Theatre / puppetry
Puppetry from Bristol to the world
Bristol has long held a reputation as one of the UK’s most inventive creative hubs, and its puppetry and animation scene is no exception.
The city has nurtured a distinctive blend of experimental storytelling and traditional craft.
Jan-Erik Skarby, an internationally respected curator of puppetry and visual theatre, recently declared: “What Manchester is to music, Bristol is to puppetry.”
Bristol is course home to the world-beating Aardman Animations, whose global success has helped cement our city’s reputation for visual storytelling in all its forms.

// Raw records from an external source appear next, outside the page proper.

(* Let $(p_k)_{k\in\mathbb{Z}}$ with $p_k\in(0,1)$, $q_k=1-p_k$, and let $X=(X_n)_{n\ge0}$ be the nearest-neighbour random walk on $\mathbb{Z}$ started at $X_0=0$ which jumps from $k$ to $k+1$ with probability $p_k$ and from $k$ to $k-1$ with probability $q_k$. Let $\Theta=\inf\{n>0: X_n=0\}$ and, on $\{\Theta<\infty\}$, let $X^\Theta=(X_n:0\le n\le\Theta)$. (i) For every positive excursion $x$, the probability $\mathbb{P}(X^\Theta=x\mid X^\Theta\in\mathcal{X}^+)$ depends only on the level numbers $N(x)$; i.e. if $x,x'\in\mathcal{X}^+$ satisfy $N(x)=N(x')$, then $\mathbb{P}(X^\Theta=x\mid X^\Theta\in\mathcal{X}^+)=\mathbb{P}(X^\Theta=x'\mid X^\Theta\in\mathcal{X}^+)$. (ii) Conversely, assume that there is no finite nonempty set $K\subset\{1,2,\dots\}$ and integers $a_h\in\mathbb{Z}\setminus\{0\}$, $h\in K$, with $\sum_{h\in K}a_h\log(p_hq_{h+1})=0$. Then for $x,x'\in\mathcal{X}^+$, $\mathbb{P}(X^\Theta=x\mid X^\Theta\in\mathcal{X}^+)=\mathbb{P}(X^\Theta=x'\mid X^\Theta\in\mathcal{X}^+)$ implies $N(x)=N(x')$.
   Context: A positive excursion is a finite sequence $x=(x_n:0\le n\le\theta)$ of integers with $x_0=x_\theta=0$, $x_n>0$ for $0<n<\theta$, and jumps $y_n=x_{n+1}-x_n\in\{1,-1\}$ for $0\le n<\theta$; $\theta=\theta(x)$ is its length. $\mathcal{X}^+$ denotes the set of all positive excursions. For $x\in\mathcal{X}^+$, its level numbers are the sequence $N(x)=(N_h(x):h\ge0)$, where $N_h(x)=|\{n\in[0,\theta):y_n=1,\ x_n=h\}|$ (the number of up-steps starting from level $h$, i.e. the number of ''individuals born at level $h$''). The event $\{X^\Theta\in\mathcal{X}^+\}$ is the event that $\Theta<\infty$ and $X_1=1$; it has positive probability. *)

From Stdlib Require Import Reals ZArith List Arith ClassicalEpsilon.
From Coquelicot Require Import Coquelicot.
Import ListNotations.
Open Scope R_scope.

(* A finite path x = (x_0, ..., x_theta) is represented as a list of integers;
   its length theta is (length x - 1). *)
Definition xn (x : list Z) (n : nat) : Z := nth n x 0%Z.
Definition theta (x : list Z) : nat := (length x - 1)%nat.
Definition jump (x : list Z) (n : nat) : Z := (xn x (S n) - xn x n)%Z.

(* Positive excursion: x_0 = x_theta = 0, x_n > 0 for 0 < n < theta,
   jumps in {1,-1}; theta >= 1 (as for X^Theta, Theta > 0). *)
Definition is_pexc (x : list Z) : Prop :=
  x <> nil /\ (0 < theta x)%nat /\
  xn x 0 = 0%Z /\ xn x (theta x) = 0%Z /\
  (forall n, (0 < n < theta x)%nat -> (0 < xn x n)%Z) /\
  (forall n, (n < theta x)%nat -> jump x n = 1%Z \/ jump x n = (-1)%Z).

Definition level_num (x : list Z) (h : nat) : nat :=
  length (filter (fun n => (Z.eqb (jump x n) 1 && Z.eqb (xn x n) (Z.of_nat h))%bool)
                 (seq 0 (theta x))).

Definition step_prob (p : Z -> R) (k y : Z) : R :=
  if Z.eqb y 1 then p k else 1 - p k.

(* P(X_0 = x_0, ..., X_theta = x_theta) for the walk started at 0
   (x_0 = 0): product of the transition probabilities.  For a positive
   excursion x this is exactly P(X^Theta = x). *)
Definition path_prob (p : Z -> R) (x : list Z) : R :=
  fold_right Rmult 1 (map (fun n => step_prob p (xn x n) (jump x n)) (seq 0 (theta x))).

Fixpoint all_steps (m : nat) : list (list bool) :=
  match m with
  | O => [nil]
  | S m' => map (cons true) (all_steps m') ++ map (cons false) (all_steps m')
  end.
Fixpoint path_from (k : Z) (s : list bool) : list Z :=
  match s with
  | nil => [k]
  | b :: s' => k :: path_from (if b then (k + 1)%Z else (k - 1)%Z) s'
  end.

(* P(X^Theta in X^+, Theta = m) *)
Definition pexc_mass_len (p : Z -> R) (m : nat) : R :=
  fold_right Rplus 0
    (map (fun s => if excluded_middle_informative (is_pexc (path_from 0 s))
                   then path_prob p (path_from 0 s) else 0) (all_steps m)).

Definition pexc_mass (p : Z -> R) : R := Series (pexc_mass_len p).

Definition cond_prob (p : Z -> R) (x : list Z) : R := path_prob p x / pexc_mass p.

Definition no_log_relation (p : Z -> R) : Prop :=
  forall (K : list nat) (a : nat -> Z),
    K <> nil -> NoDup K ->
    (forall h, In h K -> (1 <= h)%nat /\ a h <> 0%Z) ->
    fold_right Rplus 0
      (map (fun h => IZR (a h) * ln (p (Z.of_nat h) * (1 - p (Z.of_nat h + 1)%Z))) K) <> 0.

(* Along a positive excursion, ln P(X^Theta = x) telescopes: with the potential
   Psi(k) = sum_(1 <= j <= k) ln q_j, an up-step from k contributes
   ln (p_k q_(k+1)) + Psi(k) - Psi(k+1), a down-step from k contributes
   Psi(k) - Psi(k-1), and Psi vanishes at both ends.  Hence
   ln P(X^Theta = x) = sum_h N_h(x) ln (p_h q_(h+1)), which gives (i).
   For (ii) the conditioning mass must be positive, and in particular the series
   defining it must converge (Coquelicot's [Series] is 0 on divergent series): its
   partial sums are at most 1 because excursion step sequences form a prefix-free
   set.  Equal conditional probabilities then give
   sum_h (N_h(x) - N_h(x')) ln (p_h q_(h+1)) = 0 with N_0 = 1 on both sides, and
   the hypothesis forces N(x) = N(x'). *)

From Stdlib Require Import Reals ZArith List Lia Lra ClassicalEpsilon.
From Coquelicot Require Import Coquelicot.
Open Scope R_scope.

Notation fsum l := (fold_right Rplus 0 l).

Lemma fsum_app (l1 l2 : list R) : fsum (l1 ++ l2) = fsum l1 + fsum l2.
Proof. induction l1 as [|r l1 IH]; simpl; [ring | rewrite IH; ring]. Qed.

Lemma fsum_map_mul_l {A} (c : R) (f : A -> R) l :
  fsum (map (fun x => c * f x) l) = c * fsum (map f l).
Proof. induction l as [|a l IH]; simpl; [ring | rewrite IH; ring]. Qed.
(* Let $\Gamma$ be a weighted digraph with vertex set $\{1,\dots,n\}$, $n>1$, without loops and with strictly positive arc weights, with Laplacian matrix $L$, matrices of in-forests $Q_k$ and in-forest weights $\sigma_k$. Then for every $k=0,1,2,\dots$, $$Q_{k+1}=(-L)Q_k+\sigma_{k+1}I,\qquad \sigma_{k+1}=\frac{\operatorname{tr}(LQ_k)}{k+1}.$$
   Context: $W=(w_{ij})$ is the matrix of arc weights ($w_{ij}>0$ iff there is an arc $i\to j$, else $0$). The Laplacian $L=(\ell_{ij})$: $\ell_{ij}=-w_{ij}$ for $j\ne i$, $\ell_{ii}=\sum_{k\ne i}w_{ik}$. The weight of a subgraph is the product of its arc weights (1 if no arcs); the weight of a set of subgraphs is the sum of their weights (0 for the empty set). A converging tree is a weakly connected digraph with one vertex (the root) of outdegree 0 and all others of outdegree 1; an in-forest is a spanning subgraph of $\Gamma$ whose weak components are converging trees. $\sigma_k$ is the total weight of in-forests of $\Gamma$ with $k$ arcs ($\sigma_0=1$, and $\sigma_k=0$ when no such in-forest exists). $Q_k=(q^k_{ij})$ where $q^k_{ij}$ is the total weight of in-forests with $k$ arcs in which $i$ lies in a tree rooted at $j$ ($Q_0=I$, and $Q_k=0$ when no in-forest with $k$ arcs exists). *)

From mathcomp Require Import all_boot all_order all_algebra.
Set Implicit Arguments. Unset Strict Implicit. Unset Printing Implicit Defensive.
Import Order.TTheory GRing.Theory Num.Theory.
Local Open Scope ring_scope.

Section Forests.
Variables (R : realFieldType) (n : nat) (W : 'M[R]_n).

(* A spanning subgraph of Gamma is given by its set of arcs F. *)
Definition arcs_of_graph : {set 'I_n * 'I_n} := [set e | 0 < W e.1 e.2].

Definition outdeg (F : {set 'I_n * 'I_n}) (i : 'I_n) : nat :=
  #|[set j | (i, j) \in F]|.

Definition wrel (F : {set 'I_n * 'I_n}) : rel 'I_n :=
  fun i j => ((i, j) \in F) || ((j, i) \in F).

Definition wcomp (F : {set 'I_n * 'I_n}) (i : 'I_n) : {set 'I_n} :=
  [set j | connect (wrel F) i j].

(* F is an in-forest of Gamma: a spanning subgraph each of whose weak
   components is a converging tree (exactly one vertex of outdegree 0,
   all other vertices of outdegree 1). *)
Definition is_inforest (F : {set 'I_n * 'I_n}) : bool :=
  (F \subset arcs_of_graph) &&
  [forall i, (#|[set r in wcomp F i | outdeg F r == 0%N]| == 1%N) &&
             [forall v in wcomp F i, (outdeg F v <= 1)%N]].

Definition sg_weight (F : {set 'I_n * 'I_n}) : R := \prod_(e in F) W e.1 e.2.

Definition sigma (k : nat) : R :=
  \sum_(F : {set 'I_n * 'I_n} | is_inforest F && (#|F| == k)) sg_weight F.

Definition rooted_at (F : {set 'I_n * 'I_n}) (i j : 'I_n) : bool :=
  (j \in wcomp F i) && (outdeg F j == 0%N).

Definition Qmat (k : nat) : 'M[R]_n :=
  \matrix_(i, j) \sum_(F : {set 'I_n * 'I_n} |
                        [&& is_inforest F, #|F| == k & rooted_at F i j])
                    sg_weight F.

Definition laplacian : 'M[R]_n :=
  \matrix_(i, j) if i == j then \sum_(k | k != i) W i k else - W i j.

End Forests.

From mathcomp Require Import all_boot all_order all_algebra.
From mathcomp Require Import ring lra.
Set Implicit Arguments. Unset Strict Implicit. Unset Printing Implicit Defensive.
Import Order.TTheory GRing.Theory Num.Theory.
Local Open Scope ring_scope.

(* An in-forest F is encoded by its parent map (the identity on roots), so the
   root of the tree containing v is reached after n steps along it.  As L_ii is
   the total weight of the arcs leaving i,
     (-L Q_k)_ij = sum_F sum_m W_im w(F) ([root_F m = j] - [root_F i = j])
   over the in-forests F with k arcs.  When i is not a root of F, the nonzero
   terms cancel in pairs under the involution that rehangs i from its parent
   onto m and remembers the old parent; when i is a root, adding the arc i -> m
   is a bijection onto the in-forests with k+1 arcs in which i is not a root.
   What is left is (Q_{k+1} - sigma_{k+1} I)_ij.  Finally an in-forest with k
   arcs has n - k roots, so tr Q_k = (n - k) sigma_k, and taking traces in the
   recurrence yields the formula for sigma_{k+1}. *)

Section IterAgreeOff.
Variables (T : finType) (f g : T -> T) (y : T).
Hypothesis fg_off : forall u, u != y -> g u = f u.

Lemma iter_agree_off x t :
  (forall s, (s < t)%N -> iter s f x != y) -> iter t g x = iter t f x.
Proof.
elim: t => //= t IHt hit; rewrite IHt => [|s lt_st]; last exact/hit/ltnW.
exact/fg_off/hit.
Qed.

Lemma iter_neq_noreach x t : ~~ fconnect f x y -> iter t f x != y.
Proof. by apply: contraNneq => <-; apply: fconnect_iter. Qed.

Lemma iter_agree_off_noreach x t : ~~ fconnect f x y -> iter t g x = iter t f x.
Proof. by move=> xy; apply: iter_agree_off => s _; apply: iter_neq_noreach. Qed.

Lemma iter_findex_agree_off x : fconnect f x y -> iter (findex f x y) g x = y.
Proof.
move=> xy; rewrite iter_agree_off ?iter_findex // => s lt_s; apply/eqP => sxy.
have := findex_iter (ltn_trans lt_s (findex_max xy)).
by rewrite sxy => fs; rewrite fs ltnn in lt_s.
Qed.

End IterAgreeOff.

Lemma fconnect_agree_off (T : finType) (f g : T -> T) y x :
  (forall u, u != y -> g u = f u) -> fconnect g x y = fconnect f x y.
Proof.
move=> fg; have gf u : u != y -> f u = g u by move/fg.
apply/idP/idP => xy.
  by rewrite -(iter_findex_agree_off gf xy) fconnect_iter.
by rewrite -(iter_findex_agree_off fg xy) fconnect_iter.
Qed.

Section FunctionalForests.
Variable n : nat.
Local Notation arcset := {set 'I_n * 'I_n}.
Implicit Types (F G : arcset) (i m u v w : 'I_n).

Definition sink F v : bool := [forall w, (v, w) \notin F].
Definition parent F v : 'I_n := odflt v [pick w | (v, w) \in F].
Definition functional F : bool := [forall v, outdeg F v <= 1]%N.
Definition root_of F v : 'I_n := iter n (parent F) v.
Definition acyclic F : bool := [forall v, sink F (root_of F v)].
Definition forest F : bool := functional F && acyclic F.

Lemma outdeg_eq0 F v : (outdeg F v == 0%N) = sink F v.
Proof.
rewrite cards_eq0; apply/eqP/forallP => [out0 w | sv].
  by apply/negP => vw; have := in_set0 w; rewrite -out0 inE vw.
by apply/setP => w; rewrite !inE (negbTE (sv w)).
Qed.

Lemma parent_sink F v : sink F v -> parent F v = v.
Proof. by rewrite /parent; case: pickP => // w vw /forallP/(_ w); rewrite vw. Qed.

Lemma parent_in F v : ~~ sink F v -> (v, parent F v) \in F.
Proof.
by rewrite /parent; case: pickP => //= out /negP[]; apply/forallP => w; rewrite out.
Qed.

Lemma mem_functional F v w :
  functional F -> ((v, w) \in F) = ~~ sink F v && (parent F v == w).
Proof.
move=> /forallP fF; apply/idP/andP => [vw | [nsv /eqP <-]]; last exact: parent_in.
have nsv : ~~ sink F v by apply/negP => /forallP/(_ w); rewrite vw.
split=> //; have /card_le1_eqP le1 := fF v.
by apply/eqP/le1; rewrite inE ?parent_in.
Qed.

Lemma functional_sub F G : F \subset G -> functional G -> functional F.
Proof.
move=> FG /forallP fG; apply/forallP => v; apply: leq_trans (fG v).
by apply/subset_leq_card/subsetP => w; rewrite !inE => /(subsetP FG).
Qed.

Lemma iter_parent_sink F v t s :
  sink F (iter t (parent F) v) -> (t <= s)%N -> iter s (parent F) v = iter t (parent F) v.
Proof. by move=> st /subnK <-; rewrite iterD iter_fix // parent_sink. Qed.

Alongside that international presence, companies like Opposable Thumb Theatre continue to shape a fiercely original live performance culture, building devoted audiences in venues such as Tobacco Factory Theatres.
That relationship will soon reach a milestone – though perhaps not an entirely trustworthy one.
Coulrophobia is one of the company’s standout works and has played for more than a decade everywhere from the Arctic Circle to Tokyo.
At the end of April, it returns for what is billed as its final Bristol run; albeit with a wink.
The company has, after all, cheekily declared a previous run to be the last ever outing, so we might treat this latest farewell with a degree of scepticism.
Still, whether or not it proves truly final, the excitement is real.
Coulrophobia is at Tobacco Factory Theatres from April 30 to May 2 – photo: Opposable Thumb Theatre
Performed by Dik Downey and Adam Blake, Coulrophobia is a masterclass in controlled chaos – equal parts absurd, unsettling, and laugh-out-loud funny.
For many, it represents the very best of Bristol’s puppetry culture: bold, strange and fiercely original, with a confidence that comes from years of honing a distinctive voice.
But it’s what happens immediately after the final curtain falls that elevates this moment from a local theatre event into something approaching legend.
When the last performance wraps at 9pm on Saturday, May 2, most performers might celebrate, rest or – at the very least – sleep.
Not Dik Downey. Twenty-one hours later, he will step onto a stage in Lleida, having travelled roughly 2,000 kilometres from Bristol via Barcelona, to perform a different show Don Quixote (is a very big book) at 6pm on May 3.
The sheer logistics are dizzying: a late-night pack-down, early-morning flight, a 90-minute transfer inland – and then straight into performance mode.
It’s the kind of turnaround that touring musicians might balk at, let alone a puppeteer whose work demands intense physical precision, vocal control, and emotional stamina.
Yet for Downey, it seems entirely in character.
What makes this feat even more compelling is the timing within his career. While many performers begin to slow down after decades in the industry, Downey appears to be accelerating.
His work has gained increasing recognition across the UK and beyond, marking a late flowering that has seen him become one of the most admired figures in contemporary puppetry.
There’s something deeply inspiring about that trajectory: a reminder that creative peaks are not bound to youth, and that mastery can emerge – and re-emerge – over time.

Dik Downey in Don Quixote (is a very big book) – photo: Vendy Hlavacek
In many ways, this whirlwind weekend encapsulates both the spirit of Bristol’s puppetry and animation scene and Downey’s personal journey within it.
It is inventive, slightly mad, logistically improbable and driven by a deep love of performance.
And whether or not Coulrophobia really is taking its final bow this time, one thing is certain: Bristol audiences will be watching closely.
Because with artists like Downey, there’s always the sense that something remarkable is about to happen.